Fort those who haven't seen it yet, here is a link at the June 23rd New York Times obituary for the Italian-American historian Rudolph J. Vecoli, who died on June 17, at the age of 81.


Vecoli was a founder and former president of the American Italian Historical Association (1966-1970) and of the Immigration and Ethnic History Society (1982-1985), and  he served for 20 years as the chairman of the history committee advising the Statue of Liberty-Ellis Island Foundation (1983-2003). He also led for many years of the Immigration History Research Center at the University of Minnesota.


The obituary, written by William Grimes, says that his "searching chronicles of the American immigrant experience gave a new view of what immigrants kept and left behind." It underlines that:

"Mr. Vecoli argued against the notion that immigrants to the United States left their cultures behind and did their best to blend into mainstream American society.
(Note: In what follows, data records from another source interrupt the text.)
(* The level tree over 1: a single level of isolated nodes, the key node of
   key [e] being node [e]. *)
Definition one_tree : LevelTree := {|
  lvl := unit; lvl_lt := fun _ _ => False; nle := fun _ k _ l => k = l;
  key_lvl := fun _ => tt; key_code := fun e => e;
  lvl_lt_irrefl := fun _ H => H;
  nle_refl := fun _ _ => eq_refl;
  nle_antisym := ltac:(intros [] k [] l H _; auto);
  nle_trans := ltac:(intros; simpl in *; congruence);
  nle_level := ltac:(intros [] k [] l H Hne; apply Hne; auto);
  nle_tree := ltac:(intros; simpl in *; left; congruence);
  nle_infinite := fun _ _ _ H => False_ind _ H;
  key_separated := ltac:(intros; simpl in *; congruence);
  keys_infinite :=
    ltac:(intros a g Hg; exists g; split; [exact Hg|]; intros x; exists x; reflexivity);
  nle_successor := ltac:(intros a b [[] _]);
  maximal_level_unique := ltac:(intros [] _ []; reflexivity) |}.

Lemma inhabited_of_uncountable {T : Type} : uncountable_type T -> inhabited T.
Proof.
  intros H. apply NNPP. intros Hempty. apply H. exists (fun _ => 0).
  intros x. exfalso. apply Hempty. constructor. exact x.
Qed.

Theorem proposition3p5 (Lam : Type) (HLam : uncountable_type Lam)
    (W : Type) (ltW : W -> W -> Prop) (HW : is_omega1 ltW) :
  adequate ltW Lam ->
  adequate Nat.lt Lam /\ adequate (fun _ _ : unit => False) Lam.
Proof.
  intros Hadq.
  destruct HW as [_ [_ [_ [_ [HWunc _]]]]].
  destruct (inhabited_of_uncountable HWunc) as [w0].
  destruct (inhabited_of_uncountable HLam) as [z0].
  destruct (adequate_separating w0 Hadq) as [chi Hsep].
  split.
  - exact (construction_adequate _ chi omega_tree Hsep z0).
  - exact (construction_adequate _ chi one_tree Hsep z0).
Qed.
(* Let $F,G:[0,T]\to\mathbb{R}^{D\times D}$ be continuous, and let $\Psi(t,s)$ be the transition matrix of $F$. Let $\Sigma_\tau$ solve $\frac{d\Sigma_\tau}{d\tau}=F_\tau\Sigma_\tau+\Sigma_\tau F_\tau^T+G_\tau G_\tau^T$, and let $I\subseteq[0,T]$ be an interval on which $\Sigma_\tau$ is positive definite. Let $R_\tau$ be continuously differentiable and invertible on $I$ with $R_\tau R_\tau^T=\Sigma_\tau$ and $\frac{dR_\tau}{d\tau}=(F_\tau+\tfrac12G_\tau G_\tau^T\Sigma_\tau^{-1})R_\tau$. Take $\lambda=0$: let $\hat\Psi$ be the transition matrix of $\hat F_\tau=F_\tau+\tfrac12G_\tau G_\tau^T\Sigma_\tau^{-1}$, and let $P_{s\tau}$ solve $\frac{dP_{s\tau}}{d\tau}=\hat F_\tau P_{s\tau}+P_{s\tau}\hat F_\tau^T$ with $P_{ss}=0$. Then for all $s,t\in I$, all $u(s)\in\mathbb{R}^D$ and all $\epsilon\in\mathbb{R}^D$, we have $P_{st}=0$ and $$\Psi(t,s)u(s)+[\hat\Psi(t,s)-\Psi(t,s)]R_s\epsilon=\Psi(t,s)u(s)+\Big[\int_s^t\tfrac12\Psi(t,\tau)G_\tau G_\tau^TR_\tau^{-T}\,d\tau\Big]\epsilon.$$ That is, the stochastic generalized-DDIM update $u(t)\sim\mathcal{N}(\Psi(t,s)u(s)+[\hat\Psi(t,s)-\Psi(t,s)]R_s\epsilon,P_{st})$ reduces to the deterministic generalized-DDIM update $u(t)=\Psi(t,s)u(s)+[\int_s^t\tfrac12\Psi(t,\tau)G_\tau G_\tau^TR_\tau^{-T}d\tau]\epsilon$.
   Context: The transition matrix $\Psi$ of $F$ satisfies $\partial_t\Psi(t,s)=F_t\Psi(t,s)$ with $\Psi(s,s)=I_D$, and similarly for $\hat\Psi$ with $\hat F$. The vector $\epsilon$ plays the role of the network output $\epsilon_\theta(u(s),s)$. *)

From HB Require Import structures.
From mathcomp Require Import all_boot all_order all_algebra.
From mathcomp Require Import all_classical all_reals all_analysis.
Set Implicit Arguments. Unset Strict Implicit. Unset Printing Implicit Defensive.
Import Order.TTheory GRing.Theory Num.Theory.
Import numFieldNormedType.Exports.
Local Open Scope classical_set_scope.
Local Open Scope ring_scope.

(* Derivative of a vector-valued function of a real variable relative to a
   set A (one-sided at endpoints of an interval): the difference quotients
   h^-1 (f(x+h) - f x), for h -> 0, h <> 0, x + h in A, converge to df. *)
Definition has_deriv_within {R : realType} {V : normedModType R}
  (A : set R) (f : R -> V) (x : R) (df : V) : Prop :=
  (fun h : R => h^-1 *: (f (x + h) - f x))
    @ within (fun h => A (x + h)) (0 : R)^' --> df.

Definition oint {R : realType} (a b : R) (g : R -> R) : R :=
  if a <= b then (\int[lebesgue_measure]_(x in `[a, b]) g x)%R
  else (- \int[lebesgue_measure]_(x in `[b, a]) g x)%R.

Definition mxint {R : realType} {m n : nat} (a b : R)
  (f : R -> 'M[R]_(m, n)) : 'M[R]_(m, n) :=
  \matrix_(i, j) oint a b (fun x => f x i j).

Definition posdef {R : realType} {n : nat} (A : 'M[R]_n) : Prop :=
  A^T = A /\ forall v : 'cV[R]_n, v != 0 -> 0 < (v^T *m A *m v) 0 0.

From HB Require Import structures.
From mathcomp Require Import all_boot all_order all_algebra.
From mathcomp Require Import all_classical all_reals all_analysis.
From mathcomp Require Import lra.
Import Order.TTheory GRing.Theory Num.Theory.
Import numFieldNormedType.Exports.
Local Open Scope classical_set_scope.
Local Open Scope ring_scope.
Set Implicit Arguments.
Unset Strict Implicit.
Unset Printing Implicit Defensive.
(* Consider the distributed associative memory setting described in the context, with agents running the DAM-TOGD update with learning rate $\eta_{n,t}=c/\sqrt{t-\tau_{n,\min}}$ for some constant $c>0$. Then $$\mathrm{Reg}(T)\le\sum_{n\in\mathcal{N}}\Big(2cQ_n\sqrt{T+\Delta\tau_n}+\frac{B^2}{2c}\sqrt{T}+P_n c + C_n\Big),$$ so that $\mathrm{Reg}(T)=\mathcal{O}\big(\sqrt{T+\Delta\tau_n}+\sqrt{T}\big)$, where $Q_n = \frac{K_n}{2}\sum_{m\in\mathcal{W}_n} L_m + |\mathcal{W}_n|\, K_n^2 \sum_{m\in\mathcal{W}_n}\tau_{n,m}$, $P_n = |\mathcal{W}_n|^2 K_n^2\,\tau_{n,\max}^2$, $C_n = \frac{\Delta\tau_n}{2}\big( K_n\sum_{m\in\mathcal{W}_n} L_m + |\mathcal{W}_n|\, B^2\big)$, with $K_n = \max_{m\in\mathcal{W}_n} w_{n,m}L_m$, $\tau_{n,\min}=\min_{m\in\mathcal{W}_n}\tau_{n,m}$, $\tau_{n,\max}=\max_{m\in\mathcal{W}_n}\tau_{n,m}$, $\Delta\tau_n=\tau_{n,\max}-\tau_{n,\min}$, and $|\mathcal{W}_n|$ the cardinality of $\mathcal{W}_n$.
   Context: There are $N$ agents indexed by $\mathcal{N}=\{1,\dots,N\}$. At each time $t=1,2,\dots$, agent $m$ has a convex loss function $f_{m,t}:\mathcal{X}\to\mathbb{R}$, which only agent $m$ can evaluate. The feasible set $\mathcal{X}$ (a set of matrices) is closed, convex and bounded with diameter $B$, and $\|\nabla f_{m,t}(\mathbf{X})\|_F\le L_m$ for all $m$, $t$ and $\mathbf{X}\in\mathcal{X}$, with finite $L_m>0$. Norms are Frobenius norms and $\Pi_{\mathcal{X}}$ denotes Euclidean (Frobenius) projection onto $\mathcal{X}$. A row-stochastic matrix $\mathbf{W}$ with entries $w_{n,m}\in[0,1]$, $\sum_m w_{n,m}=1$, is given; $\mathcal{W}_n=\{m\in\mathcal{N}: w_{n,m}>0\}$. Agent $n$ maintains iterates $\mathbf{X}_{n,t}\in\mathcal{X}$ and its cumulative loss is $\mathcal{L}_n^T(\mathbf{X}_n^T)=\sum_{t=1}^T\sum_{m\in\mathcal{W}_n} w_{n,m} f_{m,t}(\mathbf{X}_{n,t})$. Let $\mathbf{U}_n^*\in\arg\min_{\mathbf{U}\in\mathcal{X}}\sum_{t=1}^T\sum_{m\in\mathcal{W}_n} w_{n,m}f_{m,t}(\mathbf{U})$, and define the regret $\mathrm{Reg}(T)=\sum_{n\in\mathcal{N}}\big(\mathcal{L}_n^T(\mathbf{X}_n^T)-\mathcal{L}_n^T(\mathbf{U}_n^* )\big)$ (with $\mathcal{L}_n^T(\mathbf{U}_n^* )$ meaning the constant sequence $\mathbf{U}_n^*$). Agents communicate over a connected undirected graph $\mathcal{G}=(\mathcal{N},\mathcal{E})$. For each $n$, a Steiner tree $\mathcal{T}_n$ in $\mathcal{G}$ rooted at $n$ and containing paths from $n$ to every agent of $\mathcal{W}_n$ is fixed; $\tilde\tau_{n,m}$ is the number of edges on the path in $\mathcal{T}_n$ from $n$ to $m$ (so $\tilde\tau_{n,n}=0$), and $\tau_{n,m}=2\tilde\tau_{n,m}$ is the round-trip delay: each message takes one time step per edge, so agent $n$ obtains $\nabla f_{m,s}(\mathbf{X}_{n,s})$ at time $s+\tau_{n,m}$. DAM-TOGD: starting from an initial point $\mathbf{X}_{n,1}\in\mathcal{X}$, each agent $n$ updates, for $t\ge1$, $$\mathbf{X}_{n,t+1}=\Pi_{\mathcal{X}}\Big[\mathbf{X}_{n,t}-\eta_{n,t}\sum_{m\in\mathcal{W}_n} w_{n,m}\nabla f_{m,t-\tau_{n,m}}(\mathbf{X}_{n,t-\tau_{n,m}})\,\mathbb{1}_{\{t>\tau_{n,m}\}}\Big],$$ where $\eta_{n,t}>0$ is the learning rate. *)

From HB Require Import structures.
From mathcomp Require Import all_boot all_order all_algebra.
From mathcomp Require Import all_classical all_reals all_analysis.
Set Implicit Arguments. Unset Strict Implicit. Unset Printing Implicit Defensive.
Import Order.TTheory GRing.Theory Num.Theory.
Local Open Scope ring_scope.
Lemma c_ar_sub_2r_le0 : c + a * r - 2 * r <= 0.
Proof.
rewrite real_leNgt //; apply/negP => Y_gt0.
have qo3_lt0 : qo3 c (r ^+ 2) < 0.
  have coef_gt0 : 0 < 3/2 * a ^+ 2 * r ^+ 5 * (c + a * r) * (c + a * r - 2 * r).
    by positivity.
  by rewrite qo3_sqr_r oppr_lt0.
have qo2R : qo2 c (r ^+ 2) \is Num.real by rewrite /qo2; real_tac.
have qo1R : qo1 c (r ^+ 2) \is Num.real by rewrite /qo1; real_tac.
have [n [n_gt0 q_lt0]] := exists_nat_quad_lt0 qo3_lt0 qo2R qo1R.
have := newton_form_e_odd_ge0 n.
rewrite newton_form_e_odd B_sqr_r qo4_sqr_r mul0r add0r.
by rewrite pmulr_rge0 ?ltr0n // => /(lt_le_trans q_lt0); rewrite ltxx.
Qed.

Lemma not_W_real_rooted : False.
Proof.
have Y0 : c + a * r - 2 * r = 0.
  by apply/le_anti; rewrite c_ar_sub_2r_le0 c_ar_sub_2r_ge0.
have cE : c = (2 - a) * r by rewrite -[c]subr0 -Y0; ring.
have r_lt_c : r < c.
  have : r ^+ 2 < c * r.
    rewrite -B_sqr_r -subr_gt0.
    have -> : c * r - (c * r + d) = - d by ring.
    by rewrite oppr_gt0.
  by rewrite expr2 ltr_pM2r.
have a_lt1 : 0 < 1 - a.
  rewrite -(pmulr_lgt0 _ r_gt0).
  have -> : (1 - a) * r = c - r by rewrite [c]cE; ring.
  by rewrite subr_gt0.
have qo2_lt0 : qo2 c (r ^+ 2) < 0.
  have coef_gt0 : 0 < 2 * a * (1 - a) * r ^+ 7 by positivity.
  by rewrite [in qo2 c]cE qo2_sqr_r oppr_lt0.
have qo1R : qo1 c (r ^+ 2) \is Num.real by rewrite /qo1; real_tac.
have [n [n_gt0 q_lt0]] := exists_nat_lin_lt0 qo2_lt0 qo1R.
have qo3_0 : qo3 c (r ^+ 2) = 0 by rewrite qo3_sqr_r Y0 mulr0 oppr0.
have := newton_form_e_odd_ge0 n.
rewrite newton_form_e_odd B_sqr_r qo4_sqr_r qo3_0 !mul0r !add0r.
by rewrite pmulr_rge0 ?ltr0n // => /(lt_le_trans q_lt0); rewrite ltxx.
Qed.

End Necessity.

Theorem theorem3p1 (C : archiClosedFieldType) (a b c d : C)
  (ha : a \is Num.real) (hb : b \is Num.real)
  (hc : c \is Num.real) (hd : d \is Num.real)
  (ha0 : 0 < a) (hc0 : 0 < c) (hb0 : b < 0) (hd0 : d < 0) :
  (forall n : nat, real_rooted (W a b c d n)) <-> - b / a <= - d / c.
Proof.
split=> [W_rr | r_le_s n]; last exact: W_real_rooted.
have [rR sR] : - b / a \is Num.real /\ - d / c \is Num.real.
  by split; rewrite !(rpredM, rpredN, rpredV).
rewrite real_leNgt //; apply/negP => s_lt_r.
exact: not_W_real_rooted ha hb hc hd ha0 hc0 hb0 hd0 s_lt_r W_rr.
Qed.
Lemma ideal_mul_sqrt_md_div x : P x -> inO d (x * s / p%:R).
Proof.
move=> P_x; have O_x := ideal_inO P_ideal P_x.
have p0 : p%:R != 0 :> algC by rewrite pnatr_eq0 -lt0n prime_gt0.
have [k dE] := dvdnP p_dvd_d.
set y := x * s; have O_y : inO d y := inO_mul O_x (inO_sqrt d).
have P_y : P y by rewrite /y mulrC; exact: (idealMl P_ideal (inO_sqrt d) P_x).
have P_yc : P y^*.
  rewrite rmorphM /= conj_sqrt_md mulrN -mulNr.
  exact: (idealMl P_ideal (inO_opp (inO_conj O_x)) ideal_sqrt_md).
split.
  by apply: inE_mul O_y.1 _; have := inE_rat d p%:R^-1; rewrite fmorphV rmorph_nat.
apply: Aint_trace_norm.
  rewrite rmorphM fmorphV rmorph_nat -mulrDl.
  apply: ideal_rat_Aint_div; first exact: (idealD P_ideal P_y P_yc).
    exact: inE_trace O_y.1.
  exact: rpredD O_y.2 (inO_conj O_y).2.
have -> : y / p%:R * (y / p%:R)^* = x * x^* / p%:R * k%:R.
  rewrite /y !rmorphM fmorphV rmorph_nat /= conj_sqrt_md.
  have -> : x * s / p%:R * (x^* * - s / p%:R) = - (x * x^*) * s ^+ 2 / p%:R ^+ 2.
    by field.
  by rewrite sqrt_md_sqr dE natrM; field.
apply: rpredM (rpred_nat _ _); apply: ideal_rat_Aint_div.
- by rewrite mulrC; exact: (idealMl P_ideal (inO_conj O_x) P_x).
- exact: inE_norm O_x.1.
- exact: rpredM O_x.2 (inO_conj O_x).2.
Qed.

Lemma ideal_mul_coord (a b : int) x : P x -> inO d (x * coord d p a b).
Proof.
move=> P_x; have -> : x * coord d p a b = a%:~R * x + b%:~R * (x * s / p%:R).
  by rewrite /coord; ring.
apply: inO_add; apply: inO_mul (inO_int d _) _.
  exact: (ideal_inO P_ideal P_x).
exact: ideal_mul_sqrt_md_div P_x.
Qed.

End RamifiedPrime.

Lemma represented_by_I4_of_coords (d : nat) (P : algC -> Prop) (c : algC)
    (w : 'I_4 -> algC) : c != 0 -> (forall x i, P x -> inO d (x * w i)) ->
  \sum_(i < 4) w i * (w i)^* = c -> represented_by_I4 d P c.
Proof.
move=> c0 O_w norm_w; exists (fun x i => x * w i); split.
- by move=> x P_x i; apply: O_w.
- by move=> a b x y _ _ _ _ i; rewrite mulrDl !mulrA.
- move=> x y _ _ Exy; apply: (mulIf c0); rewrite -norm_w !mulr_sumr.
  by apply: eq_bigr => i _; rewrite mulrA Exy mulrA.
- move=> x y _ _; rewrite -norm_w mulr_sumr; apply: eq_bigr => i _.
  by rewrite rmorphM /=; ring.
Qed.

Theorem theorem1 (d p r : nat) (P : algC -> Prop) :
  (0 < d)%N -> squarefree d -> class_number_ge d 4 ->
  prime_ideal d P -> ~ principal_ideal d P ->
  prime p -> P (p%:R) -> (p %| d)%N ->
  (0 < r)%N -> ((p - 1) * d <= p * r)%N ->
  represented_by_I4 d P (r%:R / p%:R).
Proof.
move=> _ d_sqf _ [P_ideal _ P_neq1 P_prime] _ p_prime P_p p_dvd_d r_gt0 r_ge.
have p_gt0 := prime_gt0 p_prime.
have [m dE] := dvdnP p_dvd_d.
have p_m : coprime p m.
  rewrite prime_coprime //; apply: contraNN (d_sqf p p_prime) => p_dvd_m.
  by rewrite dE dvdn_pmul2r.
have [A [B rE]] : exists A B : nat, (p * A + m * B)%N = r.
  by apply: nat_lin_comb_coprime => //; rewrite -(leq_pmul2r p_gt0) -mulnA -dE (mulnC r).
have [a1 [a2 [a3 [a4 AE]]]] := sum4sq_nat A.
have [b1 [b2 [b3 [b4 BE]]]] := sum4sq_nat B.
pose w (i : 'I_4) := coord d p (nth 0 [:: a1; a2; a3; a4] i) (nth 0 [:: b1; b2; b3; b4] i).
apply: (@represented_by_I4_of_coords _ _ _ w).
- by rewrite mulf_neq0 ?invr_eq0 // pnatr_eq0 -lt0n.
- by move=> x i P_x; apply: (ideal_mul_coord P_ideal P_neq1 P_prime p_prime P_p p_dvd_d).
move/(congr1 (intmul (1 : algC))): AE; rewrite !rmorphD -pmulrn /= => AE.
move/(congr1 (intmul (1 : algC))): BE; rewrite !rmorphD -pmulrn /= => BE.
rewrite !big_ord_recr big_ord0 /= !coord_norm -rE natrD !natrM AE BE dE natrM.
by field; rewrite pnatr_eq0 -lt0n.
Qed.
Rather, he wrote, they clung tenaciously to their traditions and developed strategies to retain their heritage and resist pressures to embrace the American social and economic system."

As a tribute, we offer a link to the full-text version of Rudolph J. Vecoli's essay "Gli Italo-Americani oggi" (in Italian), published in Storia dell’emigrazione italiana - Arrivi (Donzelli, Roma, 2002),



Among Rudolph J. Vecoli's books are:

Italian American Radicalism Old World Origins and New World Developments

Ethnicity: A neglected dimension of American history.

Cult and occult in Italian-American culture: The persistence of a religious heritage.

A selected bibliography on American immigration and ethnicity.

The coming of age of the Italian Americans, 1945-1974.

The resurgence of American immigration history.

Contadini in Chicago: A critique of The uprooted.

The people of New Jersey.

Italian Immigrants in Rural and Small Town America.